The leaders are women; men play no significant role. The highest concentration of leaders is in the groups centrally located in the socioeconomic hierarchy; that is, leadership forms a curvilinear pattern. The leaders are people with intimate contacts throughout their local groups, who influence first people most like themselves. The leaders are people who are not limited to their local networks, but have intimate friends in the wider neighborhood. These wider contacts include people of different social statuses, so that influence spreads downward and upward from the central group.

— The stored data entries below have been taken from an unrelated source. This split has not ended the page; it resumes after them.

(* Let $2\le j\le n$ and let $K_j\subset\wedge^j\mathbb{R}^n$ be a proper cone. Then $\widehat{T}(K_j)$, if it is not $\{0\}$, coincides with the union of all $j$-dimensional linear subspaces $L\subset\mathbb{R}^n$ for which the line $\mathcal{A}_j(L)$ is contained in $K_j\cup(-K_j)$. The set $T(K_j)$, if it is nonempty, coincides with the closure of the union of all $j$-dimensional linear subspaces $L\subset\mathbb{R}^n$ for which the nonzero elements of the line $\mathcal{A}_j(L)$ lie in $\operatorname{int}(K_j)\cup\operatorname{int}(-K_j)$.
   Context: A proper cone is a closed convex cone that is pointed and solid. $\wedge^j\mathbb{R}^n$ is the $j$th exterior power of $\mathbb{R}^n$. For a $j$-dimensional subspace $L\subset\mathbb{R}^n$, $\mathcal{A}_j(L)=\{t(x_1\wedge\cdots\wedge x_j):t\in\mathbb{R}\}$ for any basis $x_1,\ldots,x_j$ of $L$ (well defined). $\widehat{T}(K_j)$ is the set of all $x_1\in\mathbb{R}^n$ for which there exist $x_2,\ldots,x_j\in\mathbb{R}^n$ with $x_1\wedge\cdots\wedge x_j\in(K_j\cup(-K_j))\setminus\{0\}$, together with $0$. $T(K_j)$ is the closure of the set of all $x_1\in\mathbb{R}^n$ for which there exist $x_2,\ldots,x_j\in\mathbb{R}^n$ with $x_1\wedge\cdots\wedge x_j\in\operatorname{int}(K_j)\cup\operatorname{int}(-K_j)$. *)

From HB Require Import structures.
From mathcomp Require Import all_boot all_order all_algebra.
From mathcomp Require Import all_classical all_reals all_analysis.
Set Implicit Arguments. Unset Strict Implicit. Unset Printing Implicit Defensive.
Import Order.TTheory GRing.Theory Num.Theory.
Import numFieldNormedType.Exports.
Local Open Scope classical_set_scope.
Local Open Scope ring_scope.

(* The j-element subsets of {0,...,n-1}: index set of the standard basis
   e_I = e_{i_1} /\ ... /\ e_{i_j} (i_1 < ... < i_j) of the exterior power. *)
Notation jsub n j := {S : {set 'I_n} | #|S| == j}.

(* Concrete model of the j-th exterior power of R^n: coordinate vectors
   indexed by the j-subsets (via enum_rank), dimension C(n,j). *)
Notation ext R n j := 'rV[R]_#|{: jsub n j}|.

(* l-th smallest element of the j-subset S. *)
Definition jcol n j (S : jsub n j) (l : 'I_j) : 'I_n :=
  enum_val (cast_ord (esym (eqP (valP S))) l).

(* x_1 /\ ... /\ x_j, given by its Pluecker coordinates (j x j minors). *)
Definition wedge (R : realType) n j (x : 'I_j -> 'rV[R]_n) : ext R n j :=
  \row_(i < #|{: jsub n j}|)
     \det (\matrix_(k < j, l < j) x k 0 (jcol (enum_val i) l)).

Definition negset (V : zmodType) (K : set V) : set V := [set v | K (- v)].

Definition proper_cone (R : realType) n j (K : set (ext R n j)) : Prop :=
  closed K /\ K 0 /\
  (forall u v, K u -> K v -> K (u + v)) /\
  (forall (t : R) v, 0 <= t -> K v -> K (t *: v)) /\
  (K `&` negset K = [set 0]) /\
  (interior K !=set0).

Definition That (R : realType) n j (K : set (ext R n j)) : set 'rV[R]_n :=
  [set y | exists (x : 'I_j -> 'rV[R]_n) (i : 'I_j), (i : nat) = 0%N /\ x i = y /\
            (K `|` negset K) (wedge x) /\ wedge x <> 0] `|` [set 0].

Definition Tset (R : realType) n j (K : set (ext R n j)) : set 'rV[R]_n :=
  closure [set y | exists (x : 'I_j -> 'rV[R]_n) (i : 'I_j), (i : nat) = 0%N /\
            x i = y /\ (interior K `|` interior (negset K)) (wedge x)].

Labov’s (2001) model is derived from a very sound and thorough case study and it seems that it can be transferred to other instances as well. Whether it can be claimed to be of universal value or whether one has to reckon with culturally-based differences remains to be seen. Keller’s (1990, 1994) invisible-hand model of language change departs from the purposes of individual speakers and their maxims of language use. Two of these maxims are quoted for the sake of illustration: 4

(6)

Humboldt’s maxim (Keller 1990: 132) Speak as you think that the other would speak if he were in your position.

(7)

Keller’s phatic maxim (Keller 1994: 100) a. Talk like others talk. b. Talk in such a way that you are not misunderstood.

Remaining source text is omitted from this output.